The Core Geographic Database is a constantly updated, globally cooperative project, carried out by the member states of the WHO. This database is a “collection and standardization of all known existing data of individual countries relating to the following features:administrative boundaries (national, sub-national);locations of villages (including village names and codes);locations/type of health infrastructure;location/type of school infrastructure;location/type of safe water points;population by administrative level (and down to village where available);roads, rivers, forests, elevation.” With each of the member states contributing data this database has grown significantly, and will continue to do so, increasing its value as a resource. The second component of HealthMapper is the Data Manager Application which provides functionality to the databases, such that old and new data can be purged and entered with out difficulty. The data manager also allows for users to link to their own public health indicators and provide continuous and up to date information on their region. The Mapping Interface of HealthMapper has been significantly pared down when compared to ESRI ArcView, but the remaining abilities were those most commonly used in spatial analysis, and public health mapping. This loss of some ability though, is coupled with a new suite of tools within the mapping application specifically designed for use in public health mapping and epidemiology. HealthMapper is free to download from the WHO site, (though is very hard to find) and technical support is limited to forums and user developed fixes. This system also lacks the ability to do truly detailed statistical analysis needed for some applications of this type of software.
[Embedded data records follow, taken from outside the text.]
(* Let $K_0$, $L$, $I$ be positive integers with $K_0\ge3$, $L\ge2$ and $I\ge K_0(K_0+1)/2$. Then $$\Theta(K_0,I)\ge\frac{I^2}{2(K_0+1)}\left(1+\frac{(K_0-1)(K_0+1)}{I}-\frac{K_0(K_0+2)(K_0+1)^2}{12I^2}\right).$$
   Context: For $(k,m)\in\mathbb{N}^2$ put $\|(k,m)\|=k+m$. Define $\Theta(K_0,I)=\min\{\|(k_1,m_1)\|+\cdots+\|(k_I,m_I)\|\}$, the minimum taken over all $I$-tuples of pairwise distinct pairs $(k_1,m_1),\dots,(k_I,m_I)\in\mathbb{N}^2$ with $m_1,\dots,m_I\le K_0$ ($\mathbb{N}$ includes $0$). *)

From mathcomp Require Import all_boot all_order all_algebra.
From mathcomp Require Import boolp.
Set Implicit Arguments. Unset Strict Implicit. Unset Printing Implicit Defensive.

Definition pnorm (p : nat * nat) : nat := p.1 + p.2.

Definition admissible (K0 I : nat) (s : seq (nat * nat)) : Prop :=
  [/\ size s = I, uniq s & all (fun p => p.2 <= K0) s].

Definition Theta_val (K0 I : nat) : pred nat :=
  fun S => `[< exists s, admissible K0 I s /\ \sum_(p <- s) pnorm p = S >].

Lemma Theta_val_ex K0 I : exists S, Theta_val K0 I S.
Proof.
exists (\sum_(p <- [seq (i, 0) | i <- iota 0 I]) pnorm p).
apply/asboolP; exists [seq (i, 0) | i <- iota 0 I]; split => //; split.
- by rewrite size_map size_iota.
- by rewrite map_inj_uniq ?iota_uniq // => x y [].
- by apply/allP => p /mapP [i _ ->].
Qed.

Definition Theta (K0 I : nat) : nat := ex_minn (Theta_val_ex K0 I).

From mathcomp Require Import all_boot all_order all_algebra.
From mathcomp Require Import ring lra zify.
From mathcomp Require Import boolp.
Import Order.TTheory GRing.Theory Num.Theory.

(* Write N = K0 + 1.  For any level t and any admissible s,
   t I <= sum_s ||p|| + sum_{p in box} (t - ||p||), where box = [0,t) x [0,K0]:
   pairs with k >= t contribute 0 to the deficit sum, and the others form a
   duplicate-free part of the box.  Taking t = K0 + q, with
   2I - K0 N = 2N q + r and 0 <= r < 2N, the box sum is an explicit cubic in
   K0 and q, and the resulting lower bound exceeds the claimed one by exactly
   r (2N - r) / (8N) >= 0. *)

Definition box (t n : nat) : seq (nat * nat) :=
  [seq (k, m) | k <- index_iota 0 t, m <- index_iota 0 n].

Lemma box_uniq t n : uniq (box t n).
Proof.
by rewrite allpairs_uniq ?iota_uniq // => [[a b] [c d]] _ _ /= [-> ->].
Qed.

Lemma mem_box t n p : (p \in box t n) = (p.1 < t) && (p.2 < n).
Proof.
case: p => a b; apply/allpairsP/andP => /= [[[c d] [/= hc hd [-> ->]]]|[ha hb]].
  by move: hc hd; rewrite !mem_index_iota => /andP[_ ->] /andP[_ ->].
by exists (a, b); rewrite !mem_index_iota.
Qed.

Lemma sum_deficit_le_box t n (s : seq (nat * nat)) :
  uniq s -> all (fun p => p.2 < n) s ->
  \sum_(p <- s) (t - pnorm p) <= \sum_(p <- box t n) (t - pnorm p).
Proof.
move=> us sn.
have -> : \sum_(p <- s) (t - pnorm p) = \sum_(p <- s | p.1 < t) (t - pnorm p).
  rewrite [RHS]big_mkcond; apply: eq_bigr => p _.
  by case: ltnP => // le_t; apply/eqP; rewrite subn_eq0 (leq_trans le_t) ?leq_addr.
apply: (@uniq_sub_le_big_cond _ addn leq leqnn (fun x y => leq_addr y x) 0 _ s (box t n) _ xpredT).
- exact: filter_uniq.
- by rewrite filter_predT box_uniq.
move=> p; rewrite filter_predT mem_filter mem_box => /andP[-> ps].
by rewrite (allP sn p ps).
Qed.

Lemma mul_size_le_sum_pnorm t n (s : seq (nat * nat)) :
  uniq s -> all (fun p => p.2 < n) s ->
  t * size s <= \sum_(p <- s) pnorm p + \sum_(p <- box t n) (t - pnorm p).
Proof.
move=> us sn; rewrite -sum1_size big_distrr /=.
apply: (@leq_trans (\sum_(p <- s) (pnorm p + (t - pnorm p)))).
  by apply: leq_sum => p _; rewrite muln1 -leq_subLR.
by rewrite big_split leq_add2l sum_deficit_le_box.
Qed.

Lemma Theta_lower_bound K0 I t :
  t * I <= Theta K0 I + \sum_(p <- box t K0.+1) (t - pnorm p).
Proof.
rewrite /Theta; case: ex_minnP => S /asboolP [s [[<- us sK] <-]] _.
by rewrite mul_size_le_sum_pnorm.
Qed.

Lemma sum_sub_iota x t : x <= t -> 2 * \sum_(0 <= k < t) (x - k) = x * x.+1.
Proof.
move=> le_xt; rewrite (big_cat_nat (leq0n x) le_xt) /=.
rewrite [X in _ + X]big1_seq ?addn0; last first.
  by move=> k /andP[_]; rewrite mem_index_iota => /andP[le_xk _]; apply/eqP; lia.
elim: x {t le_xt} => [|x IH]; first by rewrite big_geq.
rewrite big_nat_recl // subn0.
under eq_bigr do rewrite subSS.
rewrite mulnDr IH; ring.
Qed.

Lemma box_deficit_sum K0 u :
  2 * \sum_(p <- box (K0 + u) K0.+1) ((K0 + u) - pnorm p) =
  \sum_(0 <= j < K0.+1) (j + u) * (j + u).+1.
Proof.
rewrite /box big_allpairs exchange_big big_distrr /= big_nat_rev /=.
apply: eq_big_nat => m /andP[_ lt_mK]; rewrite add0n subSS.
rewrite -(@sum_sub_iota (m + u) (K0 + u)); last by lia.
by congr (2 * _); apply: eq_bigr => k _; rewrite /pnorm /=; lia.
Qed.

Local Open Scope ring_scope.

Lemma sum_consecutive_products (R : comPzRingType) (n u : nat) :
  ((\sum_(0 <= j < n) (j + u) * (j + u).+1)%N%:R : R) * 6 =
  n%:R * (n%:R - 1) * (2 * n%:R - 1) + 3 * (2 * u%:R + 1) * n%:R * (n%:R - 1)
  + 6 * n%:R * u%:R * (u%:R + 1).
Proof.
elim: n => [|n IH]; first by rewrite big_geq //; ring.
rewrite big_nat_recr //= natrD mulrDl IH natrM -!natr1 !natrD; ring.
Qed.

Lemma bound_gap (F : realFieldType) (k i q r : F) :
  0 <= k -> 0 < i -> 2 * i = k * (k + 1) + 2 * q * (k + 1) + r ->
  (k + q) * i - ((k + 1) * k * (2 * k + 1) + 3 * (2 * q + 1) * (k + 1) * k
                 + 6 * (k + 1) * q * (q + 1)) / 12
  - i ^+ 2 / (2 * (k + 1))
    * (1 + (k - 1) * (k + 1) / i - k * (k + 2) * (k + 1) ^+ 2 / (12 * i ^+ 2))
  = r * (2 * (k + 1) - r) / (8 * (k + 1)).
Proof.
move=> k0 i0 hi.
have -> : r = 2 * i - k * (k + 1) - 2 * q * (k + 1) by rewrite hi; ring.
by field; apply/andP; split; apply: lt0r_neq0; lra.
Qed.

Theorem lemma12p2 (K0 L I : nat) :
  (3 <= K0)%N -> (2 <= L)%N -> (0 < I)%N -> (K0 * (K0 + 1) <= 2 * I)%N ->
  ((Theta K0 I)%:R : rat) >=
    (I%:R ^+ 2 / (2 * (K0%:R + 1))) *
    (1 + (K0%:R - 1) * (K0%:R + 1) / I%:R
       - K0%:R * (K0%:R + 2) * (K0%:R + 1) ^+ 2 / (12 * I%:R ^+ 2)).
Proof.
move=> _ _ I_gt0 le_KI.
pose q := ((2 * I - K0 * K0.+1) %/ (2 * K0.+1))%N.
pose r := ((2 * I - K0 * K0.+1) %% (2 * K0.+1))%N.
have r_lt : (r < 2 * K0.+1)%N by rewrite ltn_pmod.
have euclid : (2 * I = K0 * K0.+1 + 2 * q * K0.+1 + r)%N.
  by have := divn_eq (2 * I - K0 * K0.+1) (2 * K0.+1); rewrite -/q -/r; nia.
pose W := (\sum_(p <- box (K0 + q) K0.+1) (K0 + q - pnorm p))%N.
have W12 : (W%:R : rat) * 12 =
    (K0%:R + 1) * K0%:R * (2 * K0%:R + 1) + 3 * (2 * q%:R + 1) * (K0%:R + 1) * K0%:R
    + 6 * (K0%:R + 1) * q%:R * (q%:R + 1).
  have -> : (W%:R : rat) * 12 = (2 * W)%N%:R * 6 by rewrite natrM; ring.
  by rewrite box_deficit_sum sum_consecutive_products -natr1; ring.
have le_Theta : (K0 + q)%:R * I%:R - W%:R <= (Theta K0 I)%:R :> rat.
  by rewrite lerBlDr -natrM -natrD ler_nat Theta_lower_bound.
apply: le_trans le_Theta; rewrite -subr_ge0 natrD.
have K0_ge0 : (0 : rat) <= K0%:R by [].
rewrite -[W%:R](mulfK (_ : 12 != 0)) // W12 (@bound_gap _ _ _ _ r%:R) ?ltr0n //.
  have r_le : (r%:R : rat) <= 2 * (K0%:R + 1).
    by rewrite natr1 -natrM ler_nat ltnW.
  by rewrite divr_ge0 ?mulr_ge0 ?subr_ge0 //; lra.
move: (congr1 (GRing.natmul (1 : rat)) euclid).
by rewrite !natrD !natrM natr1 => euclidR; lra.
Qed.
In conclusion, with the ability to perform statistical analysis the use of the ESRI system provides the best opportunity for an enterprise system. The use of the ESRI’s system allows for vast amounts of research to be constructed and then manipulated for practical use. Additionally, the use of geocoding capabilities allows for a deeper analysis of data. ArcWebalso provides a vast data reservoir of previously collected information that can be converted to specific needs. The flexibility of this program displays the capability to achieve epidemiological goals on a limited budget. Therefore, if strict public health analysis is needed, the use of this program presents the most economic and efficient way to perform data analysis of public health information. Thus, we propose that the implementation of this system over the others presents the best ability to complete the tasks needed for epidemiological research in enterprise systems.

References:

“About Epi Info”. Department of Health and Human Services. Centers for Disease Control and Prevention. United States. 20 October 2006.

Dean, Andrew G. “Introduction to Epi Info for Windows”. EpiInformatics. 23 October 2006.

“Getting Started with Epi Map”. Department of Health and Human Services. Centers for Disease Control and PreventionNationalCenter for Public Health Informatics. Version 2.0. October 2005. 20 October 2006.